Return each line of the records below in which the string "point" turns up.

Data for analysis
----------------

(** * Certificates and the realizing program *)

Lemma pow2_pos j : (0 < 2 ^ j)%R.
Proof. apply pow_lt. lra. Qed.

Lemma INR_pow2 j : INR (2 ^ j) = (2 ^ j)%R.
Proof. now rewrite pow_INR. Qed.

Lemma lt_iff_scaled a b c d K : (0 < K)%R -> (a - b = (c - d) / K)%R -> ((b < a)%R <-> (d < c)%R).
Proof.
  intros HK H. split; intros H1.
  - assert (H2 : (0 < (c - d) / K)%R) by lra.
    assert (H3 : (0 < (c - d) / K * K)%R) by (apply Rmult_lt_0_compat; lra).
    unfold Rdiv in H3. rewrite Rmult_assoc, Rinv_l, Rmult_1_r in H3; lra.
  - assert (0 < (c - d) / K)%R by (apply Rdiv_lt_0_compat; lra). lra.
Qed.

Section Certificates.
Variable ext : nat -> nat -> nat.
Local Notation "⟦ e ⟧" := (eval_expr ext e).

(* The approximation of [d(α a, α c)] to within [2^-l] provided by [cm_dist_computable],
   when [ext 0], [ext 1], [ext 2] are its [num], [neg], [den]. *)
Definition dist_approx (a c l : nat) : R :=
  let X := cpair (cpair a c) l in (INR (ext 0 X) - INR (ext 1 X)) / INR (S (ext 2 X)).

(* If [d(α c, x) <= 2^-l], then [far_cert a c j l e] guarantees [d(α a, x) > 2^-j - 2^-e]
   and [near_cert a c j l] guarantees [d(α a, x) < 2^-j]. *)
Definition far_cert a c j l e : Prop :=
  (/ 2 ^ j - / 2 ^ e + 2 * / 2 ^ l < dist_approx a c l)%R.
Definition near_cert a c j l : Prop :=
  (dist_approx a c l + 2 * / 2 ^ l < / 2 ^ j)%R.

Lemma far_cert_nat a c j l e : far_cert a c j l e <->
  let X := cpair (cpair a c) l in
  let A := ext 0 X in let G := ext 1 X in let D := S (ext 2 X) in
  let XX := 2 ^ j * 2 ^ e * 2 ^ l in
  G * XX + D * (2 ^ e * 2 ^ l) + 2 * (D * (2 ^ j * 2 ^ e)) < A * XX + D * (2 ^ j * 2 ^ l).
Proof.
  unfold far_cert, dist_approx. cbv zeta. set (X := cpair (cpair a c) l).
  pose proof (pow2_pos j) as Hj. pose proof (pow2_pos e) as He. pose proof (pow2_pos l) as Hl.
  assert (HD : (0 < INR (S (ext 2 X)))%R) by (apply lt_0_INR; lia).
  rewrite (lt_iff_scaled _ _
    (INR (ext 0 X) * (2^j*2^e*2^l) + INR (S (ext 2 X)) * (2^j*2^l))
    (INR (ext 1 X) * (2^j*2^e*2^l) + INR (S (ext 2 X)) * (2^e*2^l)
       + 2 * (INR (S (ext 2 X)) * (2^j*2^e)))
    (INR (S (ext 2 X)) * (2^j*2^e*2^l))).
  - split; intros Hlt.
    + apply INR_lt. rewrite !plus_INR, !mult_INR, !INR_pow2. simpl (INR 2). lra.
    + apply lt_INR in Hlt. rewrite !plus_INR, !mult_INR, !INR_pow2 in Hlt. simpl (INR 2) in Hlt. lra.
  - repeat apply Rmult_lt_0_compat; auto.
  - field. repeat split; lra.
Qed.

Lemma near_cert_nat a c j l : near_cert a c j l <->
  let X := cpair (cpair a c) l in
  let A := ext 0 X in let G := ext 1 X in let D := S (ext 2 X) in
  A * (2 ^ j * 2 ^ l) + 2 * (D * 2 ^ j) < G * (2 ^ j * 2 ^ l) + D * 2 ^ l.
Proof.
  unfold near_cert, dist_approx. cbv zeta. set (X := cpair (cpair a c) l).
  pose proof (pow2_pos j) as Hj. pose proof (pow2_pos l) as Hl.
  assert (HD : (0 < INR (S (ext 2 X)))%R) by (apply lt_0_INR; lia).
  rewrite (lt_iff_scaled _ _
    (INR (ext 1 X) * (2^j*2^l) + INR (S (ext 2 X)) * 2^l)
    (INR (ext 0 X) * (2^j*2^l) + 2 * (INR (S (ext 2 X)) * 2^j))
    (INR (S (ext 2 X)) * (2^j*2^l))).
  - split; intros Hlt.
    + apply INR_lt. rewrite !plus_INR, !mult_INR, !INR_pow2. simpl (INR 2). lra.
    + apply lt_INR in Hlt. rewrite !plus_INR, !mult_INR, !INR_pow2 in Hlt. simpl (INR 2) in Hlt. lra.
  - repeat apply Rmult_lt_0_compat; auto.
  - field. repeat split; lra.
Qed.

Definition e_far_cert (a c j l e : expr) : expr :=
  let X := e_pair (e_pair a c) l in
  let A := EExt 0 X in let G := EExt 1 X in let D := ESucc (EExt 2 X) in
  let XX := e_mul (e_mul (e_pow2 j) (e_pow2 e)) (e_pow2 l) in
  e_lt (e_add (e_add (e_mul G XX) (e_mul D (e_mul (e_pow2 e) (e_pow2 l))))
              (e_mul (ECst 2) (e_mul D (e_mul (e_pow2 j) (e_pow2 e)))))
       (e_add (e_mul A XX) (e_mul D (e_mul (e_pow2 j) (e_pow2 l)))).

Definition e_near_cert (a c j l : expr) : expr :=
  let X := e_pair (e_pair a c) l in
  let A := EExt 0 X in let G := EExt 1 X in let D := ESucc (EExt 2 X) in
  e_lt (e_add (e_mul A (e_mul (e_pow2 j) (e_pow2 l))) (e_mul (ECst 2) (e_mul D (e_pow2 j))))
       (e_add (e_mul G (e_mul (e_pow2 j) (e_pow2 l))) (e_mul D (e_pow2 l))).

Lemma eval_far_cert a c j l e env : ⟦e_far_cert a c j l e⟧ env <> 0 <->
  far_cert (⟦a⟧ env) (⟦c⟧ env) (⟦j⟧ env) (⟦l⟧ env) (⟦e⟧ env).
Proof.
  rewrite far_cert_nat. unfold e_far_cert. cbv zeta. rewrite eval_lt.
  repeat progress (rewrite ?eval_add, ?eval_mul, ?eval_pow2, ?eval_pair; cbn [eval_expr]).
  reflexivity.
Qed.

----------------

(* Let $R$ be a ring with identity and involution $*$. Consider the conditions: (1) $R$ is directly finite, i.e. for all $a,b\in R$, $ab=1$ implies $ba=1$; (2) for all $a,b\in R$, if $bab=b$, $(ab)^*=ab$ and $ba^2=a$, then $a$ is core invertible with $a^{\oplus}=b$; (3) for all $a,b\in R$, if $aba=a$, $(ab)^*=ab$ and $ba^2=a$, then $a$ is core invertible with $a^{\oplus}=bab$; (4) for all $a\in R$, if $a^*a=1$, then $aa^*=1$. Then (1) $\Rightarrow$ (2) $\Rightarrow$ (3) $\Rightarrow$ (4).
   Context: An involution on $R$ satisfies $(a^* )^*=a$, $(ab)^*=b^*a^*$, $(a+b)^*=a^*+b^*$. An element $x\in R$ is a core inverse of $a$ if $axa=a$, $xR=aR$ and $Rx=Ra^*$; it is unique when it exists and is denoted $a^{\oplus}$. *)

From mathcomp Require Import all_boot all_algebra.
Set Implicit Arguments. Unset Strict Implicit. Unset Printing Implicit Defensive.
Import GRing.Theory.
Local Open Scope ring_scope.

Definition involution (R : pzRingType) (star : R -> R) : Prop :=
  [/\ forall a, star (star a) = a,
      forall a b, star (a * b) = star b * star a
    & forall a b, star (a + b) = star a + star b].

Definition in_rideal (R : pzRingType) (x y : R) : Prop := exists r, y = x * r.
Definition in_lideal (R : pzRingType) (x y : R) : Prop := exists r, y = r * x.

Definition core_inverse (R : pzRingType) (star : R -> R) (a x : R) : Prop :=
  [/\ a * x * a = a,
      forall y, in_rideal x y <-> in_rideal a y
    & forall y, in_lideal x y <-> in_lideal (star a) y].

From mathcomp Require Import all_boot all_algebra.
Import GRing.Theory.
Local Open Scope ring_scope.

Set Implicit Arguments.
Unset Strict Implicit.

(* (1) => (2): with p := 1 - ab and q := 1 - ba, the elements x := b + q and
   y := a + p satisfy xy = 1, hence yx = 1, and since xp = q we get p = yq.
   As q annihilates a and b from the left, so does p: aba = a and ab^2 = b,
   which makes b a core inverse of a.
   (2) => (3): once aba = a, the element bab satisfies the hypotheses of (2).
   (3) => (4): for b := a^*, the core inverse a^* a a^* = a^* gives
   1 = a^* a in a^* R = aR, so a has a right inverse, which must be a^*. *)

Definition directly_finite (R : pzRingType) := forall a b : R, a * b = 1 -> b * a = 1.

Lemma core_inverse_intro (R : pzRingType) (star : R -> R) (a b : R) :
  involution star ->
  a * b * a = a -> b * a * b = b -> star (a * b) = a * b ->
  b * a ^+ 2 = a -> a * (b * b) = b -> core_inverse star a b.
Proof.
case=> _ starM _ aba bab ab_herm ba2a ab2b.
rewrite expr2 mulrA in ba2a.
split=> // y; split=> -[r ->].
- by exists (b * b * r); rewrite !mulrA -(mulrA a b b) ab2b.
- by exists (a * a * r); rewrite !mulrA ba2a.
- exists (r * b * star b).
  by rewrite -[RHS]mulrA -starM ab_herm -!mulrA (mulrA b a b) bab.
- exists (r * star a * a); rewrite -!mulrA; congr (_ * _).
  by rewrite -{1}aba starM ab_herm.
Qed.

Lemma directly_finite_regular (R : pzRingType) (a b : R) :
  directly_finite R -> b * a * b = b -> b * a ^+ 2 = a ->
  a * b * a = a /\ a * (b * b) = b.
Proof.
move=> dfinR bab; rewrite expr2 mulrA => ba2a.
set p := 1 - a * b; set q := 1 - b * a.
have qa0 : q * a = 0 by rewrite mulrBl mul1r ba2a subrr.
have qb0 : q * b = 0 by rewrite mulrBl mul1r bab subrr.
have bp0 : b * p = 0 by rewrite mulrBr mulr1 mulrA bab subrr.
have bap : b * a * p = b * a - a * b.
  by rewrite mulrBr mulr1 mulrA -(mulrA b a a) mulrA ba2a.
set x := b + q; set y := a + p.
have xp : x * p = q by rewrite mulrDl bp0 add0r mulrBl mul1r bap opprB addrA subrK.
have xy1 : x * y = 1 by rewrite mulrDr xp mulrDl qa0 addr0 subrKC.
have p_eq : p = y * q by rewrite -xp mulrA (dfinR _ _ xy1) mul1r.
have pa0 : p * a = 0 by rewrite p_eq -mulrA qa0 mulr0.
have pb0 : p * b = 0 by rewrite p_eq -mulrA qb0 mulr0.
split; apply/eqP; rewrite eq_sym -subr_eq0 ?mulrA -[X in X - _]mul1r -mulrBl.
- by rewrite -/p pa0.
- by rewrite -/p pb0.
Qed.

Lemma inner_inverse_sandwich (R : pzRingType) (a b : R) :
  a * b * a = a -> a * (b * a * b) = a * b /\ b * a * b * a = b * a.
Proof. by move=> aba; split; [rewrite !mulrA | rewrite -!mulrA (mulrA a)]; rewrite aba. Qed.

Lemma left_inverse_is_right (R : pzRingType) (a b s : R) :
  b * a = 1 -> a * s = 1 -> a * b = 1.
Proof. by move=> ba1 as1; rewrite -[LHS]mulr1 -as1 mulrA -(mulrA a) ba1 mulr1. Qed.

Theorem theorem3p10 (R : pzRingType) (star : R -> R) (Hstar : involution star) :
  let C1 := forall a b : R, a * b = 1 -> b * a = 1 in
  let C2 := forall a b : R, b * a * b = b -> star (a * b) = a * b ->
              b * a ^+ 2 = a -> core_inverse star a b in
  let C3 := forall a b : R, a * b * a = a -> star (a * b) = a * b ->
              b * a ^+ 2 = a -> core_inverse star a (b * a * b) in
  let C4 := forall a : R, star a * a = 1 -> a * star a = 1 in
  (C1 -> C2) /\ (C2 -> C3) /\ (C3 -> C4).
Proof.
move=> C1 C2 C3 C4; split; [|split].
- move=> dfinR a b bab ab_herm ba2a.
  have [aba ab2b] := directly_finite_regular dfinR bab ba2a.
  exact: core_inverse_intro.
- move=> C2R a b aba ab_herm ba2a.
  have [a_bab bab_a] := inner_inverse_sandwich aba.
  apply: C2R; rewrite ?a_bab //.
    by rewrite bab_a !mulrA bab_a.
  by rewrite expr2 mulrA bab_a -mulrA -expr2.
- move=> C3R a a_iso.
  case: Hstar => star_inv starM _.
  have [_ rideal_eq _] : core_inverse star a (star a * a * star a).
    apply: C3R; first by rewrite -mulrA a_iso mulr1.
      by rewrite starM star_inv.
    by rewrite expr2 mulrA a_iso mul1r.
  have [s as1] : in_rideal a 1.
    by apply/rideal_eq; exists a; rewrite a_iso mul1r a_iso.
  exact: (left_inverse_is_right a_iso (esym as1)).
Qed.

----------------

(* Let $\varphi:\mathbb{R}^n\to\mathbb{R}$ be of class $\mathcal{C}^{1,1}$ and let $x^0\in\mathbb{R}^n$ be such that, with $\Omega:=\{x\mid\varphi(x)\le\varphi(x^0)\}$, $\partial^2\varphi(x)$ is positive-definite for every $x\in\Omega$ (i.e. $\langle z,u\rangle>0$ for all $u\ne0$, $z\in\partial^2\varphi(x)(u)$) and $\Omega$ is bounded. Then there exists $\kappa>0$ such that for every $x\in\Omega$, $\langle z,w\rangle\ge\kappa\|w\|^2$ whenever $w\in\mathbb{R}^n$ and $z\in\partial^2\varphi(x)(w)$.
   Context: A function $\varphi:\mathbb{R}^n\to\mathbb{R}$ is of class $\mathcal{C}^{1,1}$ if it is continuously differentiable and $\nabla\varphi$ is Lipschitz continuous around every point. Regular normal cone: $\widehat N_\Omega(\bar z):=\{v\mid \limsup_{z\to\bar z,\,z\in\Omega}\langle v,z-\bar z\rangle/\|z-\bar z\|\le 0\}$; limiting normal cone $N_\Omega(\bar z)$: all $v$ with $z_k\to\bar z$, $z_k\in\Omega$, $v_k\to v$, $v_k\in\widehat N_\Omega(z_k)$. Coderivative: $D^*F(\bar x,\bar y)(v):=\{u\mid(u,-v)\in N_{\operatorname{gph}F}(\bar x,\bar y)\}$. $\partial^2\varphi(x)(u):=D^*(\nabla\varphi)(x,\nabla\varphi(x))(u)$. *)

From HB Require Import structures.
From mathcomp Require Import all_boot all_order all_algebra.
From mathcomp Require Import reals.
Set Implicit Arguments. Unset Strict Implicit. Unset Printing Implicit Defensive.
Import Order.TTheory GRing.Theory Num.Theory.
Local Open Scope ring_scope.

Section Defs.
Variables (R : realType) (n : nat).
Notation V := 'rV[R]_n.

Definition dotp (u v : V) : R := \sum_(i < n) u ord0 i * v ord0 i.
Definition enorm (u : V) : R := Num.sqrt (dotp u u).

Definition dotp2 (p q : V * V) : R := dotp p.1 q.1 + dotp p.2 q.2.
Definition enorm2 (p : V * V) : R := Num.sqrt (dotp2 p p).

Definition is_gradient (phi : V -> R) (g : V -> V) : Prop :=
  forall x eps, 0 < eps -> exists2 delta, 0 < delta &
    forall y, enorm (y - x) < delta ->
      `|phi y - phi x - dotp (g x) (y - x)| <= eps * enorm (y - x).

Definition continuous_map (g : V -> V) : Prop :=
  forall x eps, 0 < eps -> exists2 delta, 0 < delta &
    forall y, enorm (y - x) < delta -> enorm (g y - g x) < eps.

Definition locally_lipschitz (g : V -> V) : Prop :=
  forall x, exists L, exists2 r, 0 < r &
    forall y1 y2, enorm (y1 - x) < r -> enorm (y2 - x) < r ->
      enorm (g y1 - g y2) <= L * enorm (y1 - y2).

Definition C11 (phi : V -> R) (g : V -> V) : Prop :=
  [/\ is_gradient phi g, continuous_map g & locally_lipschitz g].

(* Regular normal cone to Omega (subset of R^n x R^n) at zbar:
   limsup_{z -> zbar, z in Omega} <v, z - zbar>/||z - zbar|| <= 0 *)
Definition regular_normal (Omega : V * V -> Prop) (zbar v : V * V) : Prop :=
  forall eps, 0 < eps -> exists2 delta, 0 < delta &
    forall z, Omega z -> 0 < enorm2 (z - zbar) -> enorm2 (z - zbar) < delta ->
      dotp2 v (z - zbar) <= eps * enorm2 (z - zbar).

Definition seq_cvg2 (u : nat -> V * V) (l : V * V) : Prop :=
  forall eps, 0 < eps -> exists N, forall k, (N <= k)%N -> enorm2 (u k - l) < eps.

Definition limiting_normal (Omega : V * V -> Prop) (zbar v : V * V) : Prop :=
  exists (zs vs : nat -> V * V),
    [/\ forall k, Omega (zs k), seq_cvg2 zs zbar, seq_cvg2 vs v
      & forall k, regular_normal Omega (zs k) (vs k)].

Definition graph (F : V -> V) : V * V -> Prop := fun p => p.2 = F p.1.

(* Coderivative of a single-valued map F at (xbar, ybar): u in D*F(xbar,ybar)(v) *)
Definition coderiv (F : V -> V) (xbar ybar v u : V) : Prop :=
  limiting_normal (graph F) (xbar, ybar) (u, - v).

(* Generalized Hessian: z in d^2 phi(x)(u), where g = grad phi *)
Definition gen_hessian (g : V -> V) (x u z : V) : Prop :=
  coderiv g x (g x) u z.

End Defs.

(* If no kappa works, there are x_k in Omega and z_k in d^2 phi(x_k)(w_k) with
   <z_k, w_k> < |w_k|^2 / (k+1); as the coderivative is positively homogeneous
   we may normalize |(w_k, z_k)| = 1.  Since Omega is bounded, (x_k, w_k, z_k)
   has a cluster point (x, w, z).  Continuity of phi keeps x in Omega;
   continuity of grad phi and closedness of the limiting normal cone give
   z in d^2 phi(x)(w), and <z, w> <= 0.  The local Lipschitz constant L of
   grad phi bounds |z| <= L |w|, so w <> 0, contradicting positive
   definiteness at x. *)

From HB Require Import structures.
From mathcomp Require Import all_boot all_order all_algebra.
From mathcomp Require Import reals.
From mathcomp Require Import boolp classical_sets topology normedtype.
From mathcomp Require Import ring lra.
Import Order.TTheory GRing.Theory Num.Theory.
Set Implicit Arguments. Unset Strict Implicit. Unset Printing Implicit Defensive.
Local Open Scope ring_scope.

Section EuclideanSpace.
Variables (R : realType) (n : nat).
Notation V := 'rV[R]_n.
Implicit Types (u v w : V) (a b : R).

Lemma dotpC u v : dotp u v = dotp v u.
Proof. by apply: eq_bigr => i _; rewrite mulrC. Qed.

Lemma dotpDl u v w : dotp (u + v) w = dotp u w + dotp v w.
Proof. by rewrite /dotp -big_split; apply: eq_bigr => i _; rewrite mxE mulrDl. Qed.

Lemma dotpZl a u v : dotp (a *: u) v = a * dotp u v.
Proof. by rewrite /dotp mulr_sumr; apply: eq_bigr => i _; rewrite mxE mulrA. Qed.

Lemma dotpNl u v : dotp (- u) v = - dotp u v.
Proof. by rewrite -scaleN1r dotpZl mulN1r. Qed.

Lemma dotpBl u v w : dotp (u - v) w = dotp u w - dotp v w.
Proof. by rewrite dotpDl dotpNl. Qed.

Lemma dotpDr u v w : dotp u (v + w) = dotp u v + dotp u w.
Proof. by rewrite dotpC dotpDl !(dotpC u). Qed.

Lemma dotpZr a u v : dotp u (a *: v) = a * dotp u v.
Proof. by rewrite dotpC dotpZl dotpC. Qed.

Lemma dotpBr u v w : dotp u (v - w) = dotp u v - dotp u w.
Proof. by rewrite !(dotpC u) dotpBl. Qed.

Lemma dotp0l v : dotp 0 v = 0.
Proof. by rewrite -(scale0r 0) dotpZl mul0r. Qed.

----------------

Written solution
   Context: A function $\varphi:\mathbb{R}^n\to\mathbb{R}$ is of class $\mathcal{C}^{1,1}$ if it is continuously differentiable and $\nabla\varphi$ is Lipschitz continuous around every point. Regular normal cone: $\widehat N_\Omega(\bar z):=\{v\mid \limsup_{z\to\bar z,\,z\in\Omega}\langle v,z-\bar z\rangle/\|z-\bar z\|\le 0\}$; limiting normal cone $N_\Omega(\bar z)$: all $v$ with $z_k\to\bar z$, $z_k\in\Omega$, $v_k\to v$, $v_k\in\widehat N_\Omega(z_k)$. Coderivative: $D^*F(\bar x,\bar y)(v):=\{u\mid(u,-v)\in N_{\operatorname{gph}F}(\bar x,\bar y)\}$. $\partial^2\varphi(x)(u):=D^*(\nabla\varphi)(x,\nabla\varphi(x))(u)$. *)
   has a cluster point (x, w, z).  Continuity of phi keeps x in Omega;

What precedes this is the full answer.